No matter what the degree, going back to school as an adult isn’t always easy. A full-time job, family time and finding time for all the amazing things that make your life special can be difficult to balance with homework, papers and reading assignments. But earning your degree is worth it.
It certainly has been for recent grad and current MBA student, Robert Catalano. He says that finishing his bachelor’s degree encouraged him to become a lifelong learner, ignited a passion for teaching and service and will help him build a resume so he can someday launch a nonprofit.
Recently, we talked with Catalano about his experience (read more) and what he’d say to adult students just starting their educational journey. Check out his advice!

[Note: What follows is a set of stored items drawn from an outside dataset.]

Lemma SAGE_set_down c g g' : (0 < m)%nat ->
  SAGE_set n m A c g -> g' <= g -> SAGE_set n m A c g'.
Proof.
  intros Hm H Hle.
  apply (C_SAGE_ext (fun i => shift_e1 c g i + match i with O => g - g' | _ => 0 end)).
  - intros [|i] Hi; simpl; ring.
  - apply C_SAGE_add_nonneg; auto. intros [|i] Hi; lra.
Qed.

Lemma NNS_dot_exp_range c x w : C_NNS n m A c -> exp_range n m A w ->
  0 <= rsum m (fun i => c i * exp (dotcol n A i x) * w i).
Proof.
  intros Hc [x' Hx'].
  rewrite (rsum_ext m _ (fun i => c i * exp (dotcol n A i (fun j => x j + x' j)))).
  - apply Hc.
  - intros i Hi. rewrite Hx', dotcol_plus, exp_plus by auto. ring.
Qed.

Lemma exp_range_one : exp_range n m A (fun _ => 1).
Proof. exists (fun _ => 0). intros i Hi. now rewrite dotcol_zero, exp_0. Qed.

End Signomials.

Section Normalisation.
Variables (n m : nat) (A : nat -> nat -> R).

Definition AGE_decomposition (c : nat -> R) (cs : nat -> nat -> R) : Prop :=
  (forall k, (k < m)%nat -> C_AGE n m A k (cs k)) /\
  (forall i, (i < m)%nat -> c i = rsum m (fun k => cs k i)).

Definition normal_at (c : nat -> R) (cs : nat -> nat -> R) (i : nat) : Prop :=
  (0 <= c i -> 0 <= cs i i) /\
  (c i < 0 -> forall k, (k < m)%nat -> k <> i -> cs k i = 0).

Definition transfer (cs : nat -> nat -> R) (i : nat) (t : nat -> R) : nat -> nat -> R :=
  fun k j => cs k j + t k * cs i j.

Lemma AGE_decomposition_diag_le c cs i : AGE_decomposition c cs -> (i < m)%nat ->
  cs i i <= c i.
Proof.
  intros [Hage Hsum] Hi.
  assert (H : 0 <= rsum m (fun k => if Nat.eqb k i then 0 else cs k i)).
  { apply rsum_nonneg. intros k Hk. destruct (Nat.eqb_spec k i); [lra|].
    apply (proj2 (Hage k Hk)); auto. }
  rewrite (rsum_update m i 0 (fun k => cs k i)), <- Hsum in H by auto. lra.
Qed.

Lemma AGE_transfer k i d e t : k <> i -> C_AGE n m A k d -> C_AGE n m A i e ->
  0 <= t -> 0 <= d i + t * e i -> C_AGE n m A k (fun j => d j + t * e j).
Proof.
  intros Hki [Hd Hdpos] [He Hepos] Ht Hi. split; [now apply NNS_lin|].
  intros j Hj Hjk. destruct (Nat.eq_dec j i) as [->|Hji]; auto.
  pose proof (Hdpos j Hj Hjk). pose proof (Hepos j Hj Hji). nra.
Qed.

Lemma AGE_rescale k e t : -1 <= t -> C_AGE n m A k e ->
  C_AGE n m A k (fun j => e j + t * e j).
Proof.
  intros Ht [He Hpos]. split.
  - intros x. rewrite Sig_lin. pose proof (He x). nra.
  - intros j Hj Hjk. pose proof (Hpos j Hj Hjk). nra.
Qed.

Lemma transfer_decomposition c cs i t : AGE_decomposition c cs -> (i < m)%nat ->
  rsum m t = 0 -> -1 <= t i ->
  (forall k, (k < m)%nat -> k <> i -> 0 <= t k /\ 0 <= cs k i + t k * cs i i) ->
  AGE_decomposition c (transfer cs i t).
Proof.
  intros [Hage Hsum] Hi Ht0 Hti Htk. split.
  - intros k Hk. unfold transfer. destruct (Nat.eq_dec k i) as [->|Hne].
    + apply AGE_rescale; auto.
    + destruct (Htk k Hk Hne). apply (AGE_transfer k i); auto.
  - intros j Hj. unfold transfer. rewrite rsum_plus, rsum_mult_r, Ht0, <- Hsum by auto. ring.
Qed.

Lemma transfer_normal_at c cs i t i' : AGE_decomposition c cs ->
  (i < m)%nat -> (i' < m)%nat -> i' <> i -> 0 <= t i' ->
  normal_at c cs i' -> normal_at c (transfer cs i t) i'.
Proof.
  intros [Hage _] Hi Hi' Hne Ht [Hnn Hzero]. unfold transfer. split.
  - intros Hc. pose proof (Hnn Hc). pose proof (proj2 (Hage i Hi) i' Hi' Hne). nra.
  - intros Hc k Hk Hki. rewrite (Hzero Hc k Hk Hki), (Hzero Hc i Hi (not_eq_sym Hne)). ring.
Qed.

Lemma normalize_at c cs i : AGE_decomposition c cs -> (i < m)%nat ->
  exists cs', AGE_decomposition c cs' /\ normal_at c cs' i /\
    forall i', (i' < m)%nat -> i' <> i -> normal_at c cs i' -> normal_at c cs' i'.
Proof.
  intros Hdec Hi. pose proof (AGE_decomposition_diag_le c cs i Hdec Hi) as Hgc.
  set (g := cs i i) in *.
  destruct (Rle_or_lt 0 g) as [Hg|Hg].
  { exists cs. split; [auto|split; [split; [auto|intros; lra]|auto]]. }
  (* Spread [cs i] over the other AGE vectors in proportion to their i-th
     entries, which sum to b = c_i - g >= 0.  Normalising by M = max(b, -g)
     zeroes the i-th entry of [cs i] when c_i >= 0, and all the other i-th
     entries when c_i < 0. *)
  set (b := c i - g). set (M := Rmax b (- g)).
  assert (HbM : b <= M) by apply Rmax_l.
  assert (HgM : - g <= M) by apply Rmax_r.
  set (t := fun k => if Nat.eqb k i then - b / M else cs k i / M).
  assert (Hti : t i = - b / M) by (unfold t; now rewrite Nat.eqb_refl).
  assert (Htk : forall k, k <> i -> t k = cs k i / M).
  { intros k Hk. unfold t. now rewrite (proj2 (Nat.eqb_neq k i) Hk). }
  assert (Hoff : forall k, (k < m)%nat -> k <> i -> 0 <= cs k i).
  { intros k Hk Hki. apply (proj2 (proj1 Hdec k Hk)); auto. }
  exists (transfer cs i t). split; [|split].
  - apply transfer_decomposition; auto.
    + unfold t. rewrite (rsum_update m i (- b / M) (fun k => cs k i / M)) by auto.
      unfold Rdiv. rewrite rsum_mult_r, <- (proj2 Hdec i Hi). unfold b, g. ring.
    + rewrite Hti. replace (- b / M) with (-1 + (M - b) / M) by (field; lra).
      assert (0 <= (M - b) / M) by (apply Rdiv_nonneg; lra). lra.
    + intros k Hk Hki. rewrite Htk by auto. fold g. split.
      * apply Rdiv_nonneg; [apply Hoff|]; auto; lra.
      * replace (cs k i + cs k i / M * g) with (cs k i * ((M + g) / M)) by (field; lra).
        apply Rmult_le_pos; [apply Hoff; auto|apply Rdiv_nonneg; lra].
  - unfold transfer. split.
    + intros Hc. rewrite Hti. fold g.
      assert (HM : M = b) by (apply Rmax_left; unfold b; lra).
      rewrite HM. replace (g + - b / b * g) with 0 by (field; unfold b; lra). lra.
    + intros Hc k Hk Hki. rewrite Htk by auto. fold g.
      assert (HM : M = - g) by (apply Rmax_right; unfold b; lra).
      rewrite HM. field. lra.
  - intros i' Hi' Hne Hn. apply transfer_normal_at; auto.
    rewrite Htk by auto. apply Rdiv_nonneg; [apply Hoff|]; auto; lra.
Qed.

Lemma normalize c cs : AGE_decomposition c cs ->
  exists cs', AGE_decomposition c cs' /\ forall i, (i < m)%nat -> normal_at c cs' i.
Proof.
  intros Hdec.
  enough (H : forall j, (j <= m)%nat -> exists cs',
    AGE_decomposition c cs' /\ forall i, (i < j)%nat -> normal_at c cs' i)
    by exact (H m (le_n m)).
  induction j as [|j IH]; intros Hj.
  - exists cs. split; auto. intros; lia.
  - destruct IH as [cs1 [Hdec1 Hn1]]; [lia|].
    destruct (normalize_at c cs1 j Hdec1) as [cs2 [Hdec2 [Hn2 Hkeep]]]; [lia|].
    exists cs2. split; auto. intros i Hi.
    destruct (Nat.eq_dec i j) as [->|Hne]; auto.
    apply Hkeep, Hn1; lia.
Qed.

Lemma bounded_AGE_decomposition c : C_SAGE n m A c ->
  exists cs, AGE_decomposition c cs /\
    forall k i, (k < m)%nat -> (i < m)%nat -> Rabs (cs k i) <= Rabs (c i).
Proof.
  intros [cs0 Hdec0].
  destruct (normalize c cs0 Hdec0) as [cs [[Hage Hsum] Hn]].
  exists cs. split; [split; auto|].
  intros k i Hk Hi. destruct (Hn i Hi) as [Hnn Hzero].
  destruct (Rle_or_lt 0 (c i)) as [Hc|Hc].
  - assert (Hcol : forall k, (k < m)%nat -> 0 <= cs k i).
    { intros k' Hk'. destruct (Nat.eq_dec k' i) as [->|Hne]; auto.
      apply (proj2 (Hage k' Hk')); auto. }
    rewrite !Rabs_right by (apply Rle_ge; auto).
    rewrite Hsum by auto. apply (rsum_term_le m (fun k => cs k i)); auto.
  - destruct (Nat.eq_dec k i) as [->|Hne].
    + rewrite (Hsum i Hi), (rsum_ext m _ (fun k => if Nat.eqb k i then cs i i else 0)).
      * rewrite rsum_update, rsum_zero by auto. right. f_equal. ring.
      * intros k' Hk'. destruct (Nat.eqb_spec k' i) as [->|Hne]; auto.
    + rewrite (Hzero Hc k Hk Hne), Rabs_R0. apply Rabs_pos.
Qed.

1. Time management is key.
“Time management becomes really important,” Catalano says. “Make sure you create time to give to not only your school work but the program itself.” For Catalano, actively working to schedule time for studying and doing homework—often a little more than might seem necessary—in addition to class time was vital to his success. “I wanted to commit to my classmates,” he says. “I didn’t want to go through the program in a blur and not know anyone, not do anything, just do my schoolwork and leave.”
2. Embrace the team aspect.
At Trevecca, programs are taught using the cohort model, meaning groups of students progress through the entire program together, start to finish, one class at a time. For Catalano, that was a plus. As he put it, students should “commit” to their classmates. “So much of the program was community-based and I loved that,” he said. “We committed to bringing dinner every week as a class and sharing that meal. It wasn’t just you versus school; it was you and your team going through the program together. When it came time for group projects or homework or even life, we were able to tackle them as a team rather than going through those alone.”

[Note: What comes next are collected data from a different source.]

Lemma sum_eq_unit_bits N (s : bits N) :
  \sum_(i < N) (s == [ffun j => j == i])%:R = (weight s == 1%N)%:R :> C.
Proof.
have unit_bitsE i : (s == [ffun j => j == i]) = ([set j | s j] == [set i]).
  apply/eqP/eqP => [-> | s_i]; first by apply/setP => j; rewrite !inE ffunE.
  by apply/ffunP => j; move/setP: s_i => /(_ j); rewrite !inE ffunE.
under eq_bigr do rewrite unit_bitsE.
have [/cards1P [i0 ->] | w_neq1] := boolP (weight s == 1%N).
  rewrite (bigD1 i0) //= eqxx big1 ?addr0 // => i i_neq.
  by rewrite eq_sym (inj_eq set1_inj) (negbTE i_neq).
by rewrite big1 // => i _; case: eqP => // s_i; move: w_neq1; rewrite /weight s_i cards1.
Qed.

Lemma X_state_weight N z (s : bits N) : (0 < N)%N ->
  X_state N z s = (weight s == N)%:R + z ^+ N.-1 * (weight s == 1%N)%:R.
Proof.
move=> N_gt0; have sqrtN_neq0 : sqrtC (N%:R : C) != 0.
  by rewrite sqrtC_eq0 pnatr_eq0 -lt0n.
rewrite /X_state /W_state /all_ones /ket !ffunE sum_ffunE weight_eqN.
under eq_bigr do rewrite ffunE.
by rewrite sum_eq_unit_bits /GRing.scale /= mulrA mulfK.
Qed.

Lemma X_state_tpow_sum N z : (2 < N)%N ->
  X_state N z = (N.-1%:R)^-1 *: \sum_(k < N.-1) tpow N (x_vec N z k).
Proof.
move=> N_gt2; have n_gt0 : (0 < N.-1)%N by lia.
have om_prim := omega_prim_root C n_gt0.
have n_neq0 : N.-1%:R != 0 :> C by rewrite pnatr_eq0 -lt0n.
apply/ffunP => s; rewrite X_state_weight ?ffunE ?sum_ffunE ?(ltnW (ltnW N_gt2)) //.
under eq_bigr do rewrite tpow_weight !ffunE expr1n mul1r exprMn -exprM mulnC exprM.
rewrite -mulr_suml sum_prim_root_expr // dvdn_pred_sub //; last first.
  by rewrite -[X in (_ <= X)%N](card_ord N) max_card.
rewrite /GRing.scale /=; have [-> | _] := eqVneq (weight s) N.
  by rewrite /= gtn_eqF ?(ltnW N_gt2) // subnn mulr0 addr0 mulr1 mulVf.
have [-> | _] := eqVneq (weight s) 1%N.
  by rewrite /= subn1 add0r mulr1 mulKf.
by rewrite /= mulr0 addr0 mul0r mulr0.
Qed.

Lemma X_state_sum_of_tpows N z : (2 < N)%N -> sum_of_tpows (X_state N z) N.-1.
Proof.
move=> N_gt2; pose c := N.-root (N.-1%:R^-1 : C).
exists (fun k => [ffun b => c * x_vec N z k b]).
rewrite [LHS]X_state_tpow_sum //; under [RHS]eq_bigr do rewrite tpowZ.
by rewrite -scaler_sumr rootCK // (ltnW (ltnW N_gt2)).
Qed.

Lemma X_state_sum_of_tpows_ge N z D : (0 < N)%N -> z != 0 ->
  sum_of_tpows (X_state N z) D -> (N.-1 <= D)%N.
Proof.
move=> N_gt0 z_neq0 [xs X_def]; rewrite leqNgt; apply/negP => D_lt.
(* r i is junk when xs i true = 0, harmlessly so by expr_mul_div. *)
pose w i := xs i true ^+ N; pose r i := xs i false / xs i true.
have X_at m : (m < N)%N ->
    \sum_(i < D) w i * r i ^+ m = (m == 0%N)%:R + z ^+ N.-1 * (m == N.-1)%:R.
  move=> m_lt; have [s w_s] := exists_bits_weight (leq_subr m N).
  have -> : (m == 0%N) = (weight s == N) by rewrite w_s; apply/eqP/eqP; lia.
  have -> : (m == N.-1) = (weight s == 1%N) by rewrite w_s; apply/eqP/eqP; lia.
  rewrite -X_state_weight // X_def sum_ffunE; apply: eq_bigr => i _.
  rewrite tpow_weight w_s subKn ?(ltnW m_lt) // [RHS]expr_mul_div ?subn_gt0 //.
  by rewrite subnK ?(ltnW m_lt).
have window_eq0 m : (N.-1 - D <= m < N.-1 - D + D)%N ->
    \sum_(i < D) w i * r i ^+ m = 0.
  move=> m_in; have [m_neq0 m_neqn] : m != 0%N /\ m != N.-1 by split; apply/eqP; lia.
  by rewrite X_at ?(negbTE m_neq0) ?(negbTE m_neqn) ?mulr0 ?addr0 //; lia.
have := expsum_window_eq0 window_eq0.
rewrite subnK ?(ltnW D_lt) // X_at; last by lia.
rewrite gtn_eqF ?eqxx ?add0r ?mulr1; last by lia.
by move/eqP; rewrite expf_eq0 (negbTE z_neq0) andbF.
Qed.

End Qubits.

Theorem mainTheorem11 (C : numClosedFieldType) (N : nat) (z : C) :
  (4 <= N)%N -> z != 0 ->
  X_state N z = (N.-1%:R)^-1 *: \sum_(k < N.-1) tpow N (x_vec N z k)
  /\ optimal_bond_dim (X_state N z) N.-1.
Proof.
move=> N_ge4 z_neq0; have N_gt2 : (2 < N)%N := ltnW N_ge4.
split; first exact: X_state_tpow_sum.
split=> [|| D _].
- by lia.
- exact: X_state_sum_of_tpows.
- by apply: X_state_sum_of_tpows_ge; rewrite // (ltnW (ltnW N_gt2)).
Qed.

3. Build your support system.
In addition to his classmates, Catalano says his wife, his teachers and his employer were all key supporters as he worked toward completing his undergraduate degree and even now as he begins his master’s program. “[My wife] was an incredible support through this process,” he said. “If I had a paper to write or a project, she understood that came first. She came alongside and understood that there were times when I had to hit the books or write a paper.” Catalano’s employer was also supportive as were his teachers. “The teachers became part of the team,” he said. “Every time you’d go into a new class, you’d have a teacher who would become a part of the team that was supporting you.”
4. Do the work.
“Getting your undergraduate degree is in some ways about you proving to yourself that you can focus and do the work and focus,” Catalano says. “It might not be about getting A+ on everything.” That doesn’t mean that every concept will come easily or you’ll be naturally good at everything you do, he cautions, but each assignment will be an opportunity to learn and grow. “I’m not the best writer, but as I continued to just do the work and turn in papers, I turned in what I thought was great writing,” he says.
5. Keep the end goal in mind.
“I never thought I would graduate college, let alone go on to finish my master’s degree,” Catalano says. “Push into the idea that you’ll never stop learning.” While Catalano has embraced the idea of becoming a lifelong learner, he also knew that finishing his undergraduate degree would make a pay raise more likely and bring him closer to making his dream of teaching degree-completion students a reality. Finishing his degree and earning his master’s are also vital components in Catalano’s ultimate goal of running a nonprofit. Knowing why you’re pursuing the degree is important when it all seems a little overwhelming, Catalano says.